As 2023 comes to a close and companies begin preparing their Form 10-K, one question keeps emerging: to check or not to check Form 10-K’s new restatement and compensation recovery (“clawback”) checkboxes?
Clawback Rules Refresher
In October 2022, the SEC issued final rules implementing Section 954 of the Dodd-Frank Act. The new rules directed national securities exchanges to establish standards requiring listed companies to develop, implement and disclose policies to recover incentive-based compensation awarded to executive officers based on financial statements that are later restated. (See our October 28, 2022 client alert). Listed companies were required to adopt compliant clawback policies by December 1, 2023, which must be filed as exhibit 97 to upcoming Form 10-K filings.
The Checkboxes are Mandatory this Year
The SEC first introduced the checkboxes on Form 10-K in early 2023, but companies were not expected to comply with the checkboxes until they were required to have in place a clawback policy. See Exchange Act Forms C&DI 104.19. For calendar-year companies, the Form 10-K for fiscal year 2023 that gets filed in 2024 will be the first time that compliance with the SEC’s new clawback checkboxes is required. The first checkbox (“Box 1”) addresses whether the company had to correct errors from previous financial statements. The second checkbox (“Box 2”) covers whether a corrected error prompted a clawback analysis:
How the New Checkboxes Interact
If a company checks Box 1 to reflect the correction of an error to previously issued financial statements, then that company will only check Box 2 if a compensation recovery or clawback analysis was required as a result of that error. Checking Box 1 is a prerequisite to checking Box 2. The reverse is not true. While a company will never check Box 2 unless it has also checked Box 1, Box 1 can be checked without a concurrent check in Box 2.
To Check or Not to Check
Companies should check Box 1 if “the financial statements … included in the filing reflect the correction of an error to previously issued financial statements.” Whether to check Box 1 requires a two-part analysis: (i) does the filing reflect the correction of an error, as defined in US accounting rules, specifically Accounting Standards Codification (ASC) Topic 250, Accounting Changes and Error Corrections; and (ii) were “previously issued” financial statements corrected If the answer to question (i) is “no,” then the analysis stops.

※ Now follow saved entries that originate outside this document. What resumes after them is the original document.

Definition cut_vol (R : realType) (n m : nat) (ends : 'I_m -> 'I_n * 'I_n) : \bar R :=
  @lebesgue_vol R m (@cut_polytope R n m ends).

Definition cycle_ends (n : nat) : 'I_n -> 'I_n * 'I_n :=
  fun k => (k, ordS k).

(* Let Q_m(r, s) ([parity_region r s]) be the set of points of the cube [0,1]^m
   at l1-distance at least r from every odd vertex and at least s from every
   even vertex (a vertex being the indicator vector of a subset of [m]).
   The cut vectors of C_n are exactly the indicator vectors of the even edge
   sets, and Cut(C_n) = Q_n(1, 0).  The inclusion into Q_n(1, 0) holds because
   the distances from a point of the cube to an odd and to an even vertex add
   up to at least 1.  Conversely, a point of Q_m(1 - p, p) is the vector of
   marginals of a probability distribution on the subsets of [m] that gives
   mass p to the odd sets: such a distribution is built one coordinate at a
   time, the odd mass q of the remaining coordinates being chosen between
   finitely many lower and upper bounds.
   The slice of Q_(m+1)(r, s) at first coordinate x is
   Q_m(max(r - x, s - 1 + x), max(s - x, r - 1 + x)), so integrating over x
   proves, for r, s, r + s <= 1,
     vol Q_m(r, s) = 1 - 2^(m-1)/m! (r_+^m + s_+^m),
   and r = 1, s = 0 gives the theorem. *)

From HB Require Import structures.
From mathcomp Require Import all_boot all_order all_algebra.
From mathcomp Require Import all_classical all_reals all_analysis.
From mathcomp Require Import ring lra zify.
Set Implicit Arguments. Unset Strict Implicit. Unset Printing Implicit Defensive.
Import Order.TTheory GRing.Theory Num.Theory.
Import numFieldNormedType.Exports.
Local Open Scope classical_set_scope.
Local Open Scope ring_scope.

Lemma card_sum_mem (T : finType) (A : {set T}) : #|A| = (\sum_i (i \in A))%N.
Proof. by rewrite -sum1_card big_mkcond; apply: eq_bigr => i _; case: (i \in A). Qed.

Lemma divr_ge0_le1 (R : realFieldType) (c w : R) : 0 <= c <= w -> 0 <= c / w <= 1.
Proof.
case/andP=> c0 cw; have [->|w0] := eqVneq w 0; first by rewrite invr0 mulr0 lexx ler01.
have w_gt0 : 0 < w by rewrite lt_neqAle eq_sym w0 (le_trans c0).
by rewrite divr_ge0 ?(ltW w_gt0) //= ler_pdivrMr // mul1r.
Qed.

Lemma mulr_divr_le (R : realFieldType) (c w : R) : 0 <= c <= w -> w * (c / w) = c.
Proof.
case/andP=> c0 cw; have [w0|w0] := eqVneq w 0; last by rewrite mulrC divfK.
by rewrite w0 mul0r; apply/eqP; rewrite eq_le c0 -w0 cw.
Qed.

Section SetCons.
Variable m : nat.
Implicit Types (b : bool) (v : {set 'I_m}) (w : {set 'I_m.+1}).

Definition setcons b v : {set 'I_m.+1} :=
  [set i | if unlift ord0 i is Some j then j \in v else b].

Definition setbehead w : {set 'I_m} := [set j | lift ord0 j \in w].

Lemma setcons0 b v : (ord0 \in setcons b v) = b.
Proof. by rewrite inE unlift_none. Qed.

Lemma setconsS b v j : (lift ord0 j \in setcons b v) = (j \in v).
Proof. by rewrite inE liftK. Qed.

Lemma setbeheadK w : setcons (ord0 \in w) (setbehead w) = w.
Proof. by apply/setP => i; rewrite inE; case: unliftP => [j ->|->]; rewrite ?inE. Qed.

Lemma setconsK b v : setbehead (setcons b v) = v.
Proof. by apply/setP => j; rewrite inE setconsS. Qed.

Lemma odd_setcons b v : odd #|setcons b v| = b (+) odd #|v|.
Proof.
rewrite !card_sum_mem big_ord_recl setcons0 oddD; congr (_ (+) odd _).
  by case: b.
by apply: eq_bigr => j _; rewrite setconsS.
Qed.

Lemma big_setcons (R : Type) (idx : R) (op : Monoid.com_law idx)
    (F : {set 'I_m.+1} -> R) :
  \big[op/idx]_w F w = \big[op/idx]_b \big[op/idx]_v F (setcons b v).
Proof.
rewrite (reindex (fun p : bool * {set 'I_m} => setcons p.1 p.2)) /=.
  by rewrite pair_big.
exists (fun w => (ord0 \in w, setbehead w)) => [[b v] _|w _] /=.
  by rewrite setcons0 setconsK.
by rewrite setbeheadK.
Qed.

End SetCons.

Lemma vcons0 (R : Type) m (t : R) (z : 'I_m -> R) : vcons t z ord0 = t.
Proof. by rewrite /vcons unlift_none. Qed.

Lemma vconsS (R : Type) m (t : R) (z : 'I_m -> R) j : vcons t z (lift ord0 j) = z j.
Proof. by rewrite /vcons liftK. Qed.

Lemma vcons_eta (R : Type) m (y : 'I_m.+1 -> R) :
  vcons (y ord0) (fun j => y (lift ord0 j)) = y.
Proof. by apply/funext => i; rewrite /vcons; case: unliftP => [j ->|->]. Qed.

Section VertexDistance.
Variables (R : realFieldType) (m : nat).
Implicit Types (v w : {set 'I_m}) (y : 'I_m -> R).

Definition unit_cube : set ('I_m -> R) := [set y | forall k, 0 <= y k <= 1].

Definition vertex v : 'I_m -> R := fun k => (k \in v)%:R.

Assuming Box 1 is checked, companies then analyze whether the error correction also requires checking Box 2. Box 2 should be checked if the error correction involves a type of restatement that requires a company to determine whether it must recover incentive-based compensation. Under the applicable Nasdaq and NYSE listing standards, a clawback analysis is triggered for “an accounting restatement due to the material noncompliance of the issuer with any financial reporting requirement under the securities laws, including any required accounting restatement to correct an error in previously issued financial statements that is material to the previously issued financial statements, or that would result in a material misstatement if the error were corrected in the current period or left uncorrected in the current period.” (emphasis added)
The below table explains and summarizes the checkbox requirements in the context of distinct types of financial restatements and revisions.
Change to Financial Statements
Check Box #1
Check Box #2
“Big R” restatements – restatements that correct material errors to previously issued financial statements
“little r” revisions or restatements – restatements that correct immaterial errors to previously issued financial statements, but would result in a material misstatement if (a) the errors were left uncorrected in the current report or (b) the error correction was recognized in the current period
Voluntary restatements – restatements that correct immaterial errors to previously issued financial statements and would not be material if (a) the errors were left uncorrected in the current report or (b) the error correction was recognized in the current period
Out-of-period adjustments – an adjustment recorded in the current period financial statements to correct an error when the error is immaterial to the previously issued financial statements, and the correction of the error is also immaterial to the current period
Retrospective changes that do not constitute error corrections:
- Retrospective application of a change in accounting principle (e.g., disaggregation of income statements (DISE) under US Generally Accepted Accounting Principles (GAAP))
- Retrospective revision to reportable segment information due to a change in the structure of an issuer’s internal organization
- Retrospective reclassification due to a discontinued operation
- Retrospective application of a change in reporting entity, such as from a reorganization of entities under common control
- Retrospective adjustment to provisional amounts in connection with a prior business combination (IFRS filers only)
- Retrospective revision for stock splits, reverse stock splits, stock dividends or other changes in capital structure
Other Reporting Considerations
Companies should also keep in mind the other clawback-related disclosures that follow if Box 2 is checked. Specifically, the SEC’s amendments to S-K Item 402 added new Item 402(w), which mandates certain disclosures about a company’s clawback-related actions when the company was required to prepare an accounting restatement that triggered an obligation to recover erroneously awarded compensation under its clawback policy. Where a company recovers compensation amounts under its clawback policy, certain adjustments may also be required to the company’s Summary Compensation Table.